===== Records

Lemma occupancy_upd a i j : a i != j -> occupancy (upd a i j) j = (occupancy a j).+1.
Proof.
move=> aij; rewrite /occupancy; have -> : [set l | upd a i j l == j] = i |: [set l | a l == j].
  by apply/setP => l; rewrite !inE ffunE; case: (eqVneq l i) => [-> | _]; rewrite ?eqxx.
by rewrite cardsU1 inE aij.
Qed.

Lemma occupancy_gt0 a l : (0 < occupancy a (a l))%N.
Proof. by apply/card_gt0P; exists l; rewrite inE. Qed.

Lemma occupancy_gt0P a j : (0 < occupancy a j)%N -> exists l, a l = j.
Proof. by case/card_gt0P => l; rewrite inE => /eqP; exists l. Qed.

Lemma sum_by_station (R : nmodType) (f : 'I_N -> R) a :
  \sum_l f (a l) = \sum_j f j *+ occupancy a j.
Proof.
rewrite (partition_big a xpredT) //=; apply: eq_bigr => j _.
rewrite -sumr_const; apply: eq_big => [l|l /eqP ->]; by rewrite ?inE.
Qed.

Lemma sum_occupancy a : \sum_j occupancy a j = M.
Proof.
have := sum_by_station (fun=> 1%N) a.
rewrite sum1_card card_ord => ->.
by apply: eq_bigr => j _; rewrite natn.
Qed.

Lemma sum_occupancyR (R : pzSemiRingType) a : \sum_j (occupancy a j)%:R = M%:R :> R.
Proof. by rewrite -natr_sum sum_occupancy. Qed.

Definition relocate a j k (X : {set 'I_M}) : profile M N :=
  [ffun l => if a l == j then k else if l \in X then j else a l].

Lemma occupancy_relocate_to a j k X : j != k ->
  (occupancy (relocate a j k X) j <= #|X|)%N.
Proof.
move=> jk; apply/subset_leq_card/subsetP => l; rewrite !inE ffunE.
case: ifP => [_ | alj]; first by rewrite eq_sym (negbTE jk).
by case: ifP => // _; rewrite alj.
Qed.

==========

*What is required:* Among the entries, find every line holding "ffunE" and return it.

*Solved exercise:*
  by apply/setP => l; rewrite !inE ffunE; case: (eqVneq l i) => [-> | _]; rewrite ?eqxx.
move=> jk; apply/subset_leq_card/subsetP => l; rewrite !inE ffunE.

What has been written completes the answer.